Chronique

Lettre à un ami

Les curieux événements qui font le sujet de cette chronique se sont produits…durant les douze derniers mois, année où tu as fait face, mon cher ami Hongkongais, à des circonstances exceptionnelles – des troubles dans l’unité de ta famille ainsi que des soucis sanitaires annonciateurs d’une crise d’une ampleur insoupçonnée.

Par Sophie Lemarent Ross

 

Malgré tout, après de multiples séjours, tu m’as convié à m’installer en ta demeure, faisant de moi un spectateur privilégié. Cette invitation est la preuve de ton altruisme, de ton ouverture vers le monde, vertus caractéristiques des habitants des cités portuaires. Ces centres urbains, de par leurs accès maritimes, ont toujours été des lieux de passages et d’échanges facilitant la mixité culturelle. Mais le multiculturalisme fait souvent resurgir les affres de la confrontation des habitudes, des croyances et des connaissances des structures sociales.

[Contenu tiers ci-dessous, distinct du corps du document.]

(* There is an absolute constant $c$ such that the following holds. Let $0 < \epsilon < 4/5$, $z_1 = (\log\log x)^{1-\epsilon}$ and $z_2 = (\log\log x)^{1+\epsilon}$. Then for all sufficiently large $x$, $$\sum_{z_1 \le r \le z_2} A_r(x) \le c \frac{\epsilon x}{\log\log\log x},$$ the sum being over primes $r$.
   Context: For a positive integer $m$, $m'$ denotes the odd part of $m-1$. For a prime $r$, $A_r(x)$ denotes the number of odd integers $n \le x$ such that $\prod_{p \mid n} \gcd(n', p') = 1$ (product over primes $p$ dividing $n$) and the least prime dividing $n'$ is $r$. $\log$ is the natural logarithm. *)

From mathcomp Require Import all_boot.
From Stdlib Require Import Reals.
Set Implicit Arguments. Unset Strict Implicit. Unset Printing Implicit Defensive.

Definition oddpart (m : nat) : nat := m %/ 2 ^ logn 2 m.

Definition prime_odd (m : nat) : nat := oddpart m.-1.

Definition good (n : nat) : bool :=
  \prod_(p <- primes n) gcdn (prime_odd n) (prime_odd p) == 1.

(* the least prime dividing m is r (m must have a prime divisor, i.e. m > 1) *)
Definition least_prime_is (r m : nat) : bool := (1 < m) && (pdiv m == r).

Definition A_count (r N : nat) : nat :=
  count (fun n => odd n && good n && least_prime_is r (prime_odd n)) (iota 1 N).

Definition nfloor (x : R) : nat := Z.to_nat (Int_part x).

Definition A (r : nat) (x : R) : nat := A_count r (nfloor x).

Definition Rleb (a b : R) : bool := if Rle_dec a b then true else false.

Definition sumA (z1 z2 x : R) : nat :=
  \sum_(r < (nfloor z2).+1 | prime r && Rleb z1 (INR r) && Rleb (INR r) z2) A r x.

From Pilot Require Import Defs.
From Stdlib Require Import Reals Lra Lia ZArith.
From mathcomp Require Import all_boot all_order all_algebra Rstruct.
From mathcomp Require ring lra.
Set Implicit Arguments. Unset Strict Implicit. Unset Printing Implicit Defensive.

(* If r is the least prime factor of n', then r divides n - 1 and n - 1 has no odd prime
   factor below r.  For r >= B := 2^k1 this sieves
   [0, x) down to at most (phi(Q)/Q) x/r + 2Q integers, Q the product of the odd primes
   below B.  Counting integers by their part made of odd primes below B gives
   Q/phi(Q) >= sum_{a < B odd} 1/a >= k1/4, and since the primes in (n, 2n] divide
   'C(2n, n) we get sum_{2^k < r <= 2^(k+1)} 1/r <= 2/k.  Hence, if 2^k1 <= z1 and
   z2 <= 2^k2,
       sum_{z1 <= r <= z2} A_r(x) <= 8 x (k2 - k1) / k1^2 + 2 Q (z2 + 1).
   Taking k1, k2 within 1 of (1 -+ eps) logloglog x / log 2 makes the first term
   O(eps x / logloglog x), while Q <= B^B <= exp((loglog x)^2) makes the second negligible. *)

(** * Integers coprime to Q in an interval *)

Lemma count_coprime_iota Q j : 0 < Q -> count (coprime Q) (iota j Q) = totient Q.
Proof.
move=> Q_gt0; elim: j => [|j IHj].
  rewrite totient_count_coprime -sum1_count big_mkcond /=.
  by rewrite /index_iota subn0; apply: eq_bigr => d _; case: coprime.
move/(congr1 (count (coprime Q))): (iotaD j Q 1).
by rewrite addn1 /= count_cat IHj /= addn0 /coprime gcdnDr addnC => /addIn.
Qed.

Lemma count_coprime_iota_mul Q j s : 0 < Q ->
  count (coprime Q) (iota j (Q * s)) = s * totient Q.
Proof.
move=> Q_gt0; elim: s j => [|s IHs] j; first by rewrite muln0.
by rewrite mulnS iotaD count_cat count_coprime_iota // IHs mulSn.
Qed.

Lemma count_coprime_iota_le Q t : 0 < Q ->
  count (coprime Q) (iota 0 t) <= (t %/ Q).+1 * totient Q.
Proof.
move=> Q_gt0; rewrite -(count_coprime_iota_mul 0 _ Q_gt0).
have t_le : t <= Q * (t %/ Q).+1 by rewrite mulnC ltnW // ltn_ceil.
by rewrite -(subnKC t_le) iotaD count_cat leq_addr.
Qed.
(* In the two-unicast setting, suppose $k_{1-2}+k_{2-1}\le\min(k_{12-1},k_{12-2})$. Then every pair of nonnegative integers $(R_1,R_2)$ with $$R_1\le k_{12-1}-k_{2-1},\qquad R_2\le k_{12-2}-k_{1-2}$$ is achievable.
   Context: $G=(V,E)$ is a directed acyclic network with unit-capacity edges (each carrying one symbol of $GF(q)$ per use), sources $s_1,s_2$ (no incoming edges) and terminals $t_1,t_2$ (no outgoing edges); $t_i$ wants the message of $s_i$. For $N_1,N_2\subseteq\{1,2\}$, $k_{N_1-N_2}$ is the minimum cut from $\{s_i:i\in N_1\}$ to $\{t_j:j\in N_2\}$. A linear network code over $GF(q)$: symbols on edges leaving a non-source node are $GF(q)$-linear combinations of the node's incoming symbols; symbols on edges leaving $s_i$ are $GF(q)$-linear combinations of $s_i$'s message symbols. $(R_1,R_2)$ is achievable if for some finite field $GF(q)$ there is a linear network code such that, when $s_i$ observes $R_i$ independent symbols of $GF(q)$, $t_1$ uniquely recovers $s_1$'s message and $t_2$ uniquely recovers $s_2$'s message (neither terminal needs to recover the other source). *)

From HB Require Import structures.
From mathcomp Require Import all_boot all_order all_algebra all_field.
Set Implicit Arguments. Unset Strict Implicit. Unset Printing Implicit Defensive.
Import GRing.Theory.

(* A network: finite node type V, finite edge type E (parallel edges allowed,
   each edge has unit capacity), tail map tl and head map hd. *)
Section Network.
Variables (V E : finType) (tl hd : E -> V).

Definition avoid_rel (C : {set E}) : rel V :=
  fun x y => [exists e, [&& e \notin C, tl e == x & hd e == y]].

Definition full_rel : rel V := avoid_rel set0.

Definition acyclic : Prop := forall e : E, ~~ connect full_rel (hd e) (tl e).

Definition separates (S T : pred V) (C : {set E}) : bool :=
  [forall x, forall y, (S x && T y) ==> ~~ connect (avoid_rel C) x y].

Definition mincut (S T : pred V) : nat :=
  \big[minn/#|E|]_(C : {set E} | separates S T C) #|C|.

Local Open Scope ring_scope.

Definition consistent (F : finFieldType) (s1 s2 : V) (R1 R2 : nat)
    (a1 : E -> 'rV[F]_R1) (a2 : E -> 'rV[F]_R2) (b : E -> E -> F)
    (x1 : 'rV[F]_R1) (x2 : 'rV[F]_R2) (y : E -> F) : Prop :=
  forall e : E,
    (tl e = s1 -> y e = \sum_(k < R1) a1 e 0 k * x1 0 k) /\
    (tl e = s2 -> y e = \sum_(k < R2) a2 e 0 k * x2 0 k) /\
    (tl e <> s1 -> tl e <> s2 ->
       y e = \sum_(e' : E | hd e' == tl e) b e' e * y e').

(* (R1, R2) achievable by a linear network code over some finite field:
   the symbols on the incoming edges of t_i determine the message of s_i *)
Definition achievable (s1 s2 t1 t2 : V) (R1 R2 : nat) : Prop :=
  exists (F : finFieldType) (a1 : E -> 'rV[F]_R1) (a2 : E -> 'rV[F]_R2)
         (b : E -> E -> F),
    forall (x1 x1' : 'rV[F]_R1) (x2 x2' : 'rV[F]_R2) (y y' : E -> F),
      consistent s1 s2 a1 a2 b x1 x2 y ->
      consistent s1 s2 a1 a2 b x1' x2' y' ->
      ((forall e, hd e = t1 -> y e = y' e) -> x1 = x1') /\
      ((forall e, hd e = t2 -> y e = y' e) -> x2 = x2').

End Network.

(* The code is built by the algebraic (Jaggi-Sanders) method, made deterministic
   over a prime field with more elements than pairs (cut, terminal).  Messages
   live in F^(R1+R2): s1 owns the first R1 coordinates, s2 the last R2, and
   edge e carries the scalar product of a global coding row g e with the message.
   - Linear algebra: over a finite field, a space contains a row avoiding any
     few subspaces not containing it; iterating gives generic rows that raise
     ranks as much as possible ([generic_rows]).
   - Graphs and cuts: paths avoiding an edge set, minimum cuts, induction along
     an acyclic network.
   - Construction ([network_code]): nodes are coded in topological order,
     keeping the invariant that for every cut C and terminal t the space that
     may still reach t past C has rank at least target(t) - |C|.  Initially this
     is pure cut counting ([initial_rank]); at the end t receives rank target(t).
   - Decoding: with target(t1) = R1 + min(R2, k_{2-1}), the interference of s2
     at t1 crosses a minimum s2-t1 cut, so t1 receives all s1 coordinates
     ([received_contains]) and recovers x1; symmetrically for t2. *)
From HB Require Import structures.
From mathcomp Require Import all_boot all_order all_algebra all_field.
From mathcomp Require Import zify.
Set Implicit Arguments. Unset Strict Implicit. Unset Printing Implicit Defensive.
Import Order.TTheory GRing.Theory.
Local Open Scope ring_scope.

Lemma finite_avoid (L : finType) (I : eqType) (s : seq I) (P : I -> pred L) :
  (forall i, i \in s -> #|P i| <= 1)%N -> (size s < #|L|)%N ->
  exists l, forall i, i \in s -> ~~ P i l.
Proof.
move=> P_le1 lt_sL; pose bad := [set l | has (P^~ l) s].
have card_bad : (#|bad| <= size s)%N.
  rewrite {}/bad; elim: s P_le1 {lt_sL} => [|i s IH] P_le1.
    by rewrite leqn0 cards_eq0; apply/eqP/setP => l; rewrite !inE.
  have -> : [set l | has (P^~ l) (i :: s)] = [set l in P i] :|: [set l | has (P^~ l) s].
    by apply/setP => l; rewrite !inE.
  apply: leq_trans (leq_card_setU _ _) _; rewrite cardsE /= -add1n.
  apply: leq_add (P_le1 _ (mem_head _ _)) (IH _) => j js.
  by apply: P_le1; rewrite inE js orbT.
have /set0Pn [l] : ~: bad != set0.
  by rewrite -card_gt0; move: (cardsC bad); lia.
by rewrite !inE => /hasPn l_good; exists l.
Qed.

Lemma line_meets_once (F : finFieldType) n (W : 'M[F]_n) (w u : 'rV[F]_n) :
  (#|[pred l : F | ~~ (u <= W)%MS && ((w + l *: u)%R <= W)%MS]| <= 1)%N.
Proof.
apply/card_le1_eqP => l1 l2; rewrite !inE => /andP [uW wl1W] /andP [_ wl2W].
apply/eqP; rewrite -subr_eq0; apply: contraNT uW => l12_nz.
have dW : ((l2 - l1) *: u <= W)%MS.
  have -> : (l2 - l1) *: u = (w + l2 *: u) - (w + l1 *: u).
    by rewrite scalerBl opprD addrACA subrr add0r.
  by apply: addmx_sub => //; rewrite eqmx_opp.
by rewrite -[u](scalerK l12_nz); apply: scalemx_sub.
Qed.

Lemma avoid_subspaces (F : finFieldType) n (H : 'M[F]_n) (I : eqType)
    (W : I -> 'M[F]_n) (s : seq I) :
  (size s < #|F|)%N ->
  exists2 u : 'rV[F]_n, (u <= H)%MS &
    forall i, i \in s -> (H <= W i)%MS || ~~ (u <= W i)%MS.
Proof.
elim: s => [|i0 s IH] lt_sF; first by exists 0; rewrite ?sub0mx.
have [u uH uW] := IH (ltnW lt_sF).
have [u_ok | /norP [/row_subPn [j wW] /negbNE uW0]] :=
  boolP ((H <= W i0)%MS || ~~ (u <= W i0)%MS).
  by exists u => // i; rewrite inE => /predU1P [-> | /uW].
(* u lies in W i0: move it along the line through a row w of H outside W i0 *)
set w := row j H in wW.
have [l l_ok] := @finite_avoid F I s
  (fun i => [pred l : F | ~~ (u <= W i)%MS && ((w + l *: u)%R <= W i)%MS])
  (fun i _ => line_meets_once (W i) w u) (ltnW lt_sF).
exists (w + l *: u); first by apply: addmx_sub; rewrite ?row_sub ?scalemx_sub.
move=> i; rewrite inE => /predU1P [-> | si].
  apply/orP; right; apply: contra wW => wlW.
  rewrite -[w](addrK (l *: u)); apply: addmx_sub => //.
  by rewrite eqmx_opp scalemx_sub.
have := l_ok i si; rewrite inE negb_and negbK => /orP [uWi | ->]; last by rewrite orbT.
by move: (uW i si); rewrite uWi orbF => ->.
Qed.

Lemma rank_add_generic (F : fieldType) n (U Y H : 'M[F]_n) (u : 'rV[F]_n) k :
  (U <= Y)%MS -> (H <= Y)%MS || ~~ (u <= Y)%MS ->
  (minn (\rank (U + H)) (\rank U + k) <= \rank Y)%N ->
  (minn (\rank (U + H)) (\rank U + k.+1) <= \rank (<<u>> + Y))%N.
Proof.
move=> UY /orP [HY | uY] le_Y.
  apply: leq_trans (geq_minl _ _) (mxrankS _).
  by rewrite addsmx_sub (submx_trans UY) ?(submx_trans HY) ?addsmxSr.
have : (\rank Y < \rank (<<u>> + Y))%N.
  by apply: rank_ltmx; rewrite ltmxE addsmxSr addsmx_sub genmxE (negbTE uY).
lia.
Qed.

Hong Kong aujourd’hui, comme Oran hier, préfigure les tensions et enjeux inhérents à la mondialisation de demain.

Un Etat, deux systèmes

D’un village de 7.500 habitants, le colonialisme britannique a fait de ton foyer une mégapole internationale. Il y a implanté son système politique et économique, le capitalisme, modèle sociétal basé sur le libre entrepreneuriat. Dans cette organisation communautaire, les intérêts personnels ont une place prépondérante. Les entraves aux libertés individuelles sont limitées – elles découlent d’une constitution héritée de la doctrine religieuse.

Rétrocédé à la Chine en 1997, ta résidence vit depuis une période transitoire. Y cohabite l’autre courant d’administration civile, le socialisme, modèle basé sur la diminution des inégalités sociales. La propriété collective est l’apanage de ce mode de gouvernance de population. Ses principes fondateurs restreignent l’autonomie pour glorifier le conformisme.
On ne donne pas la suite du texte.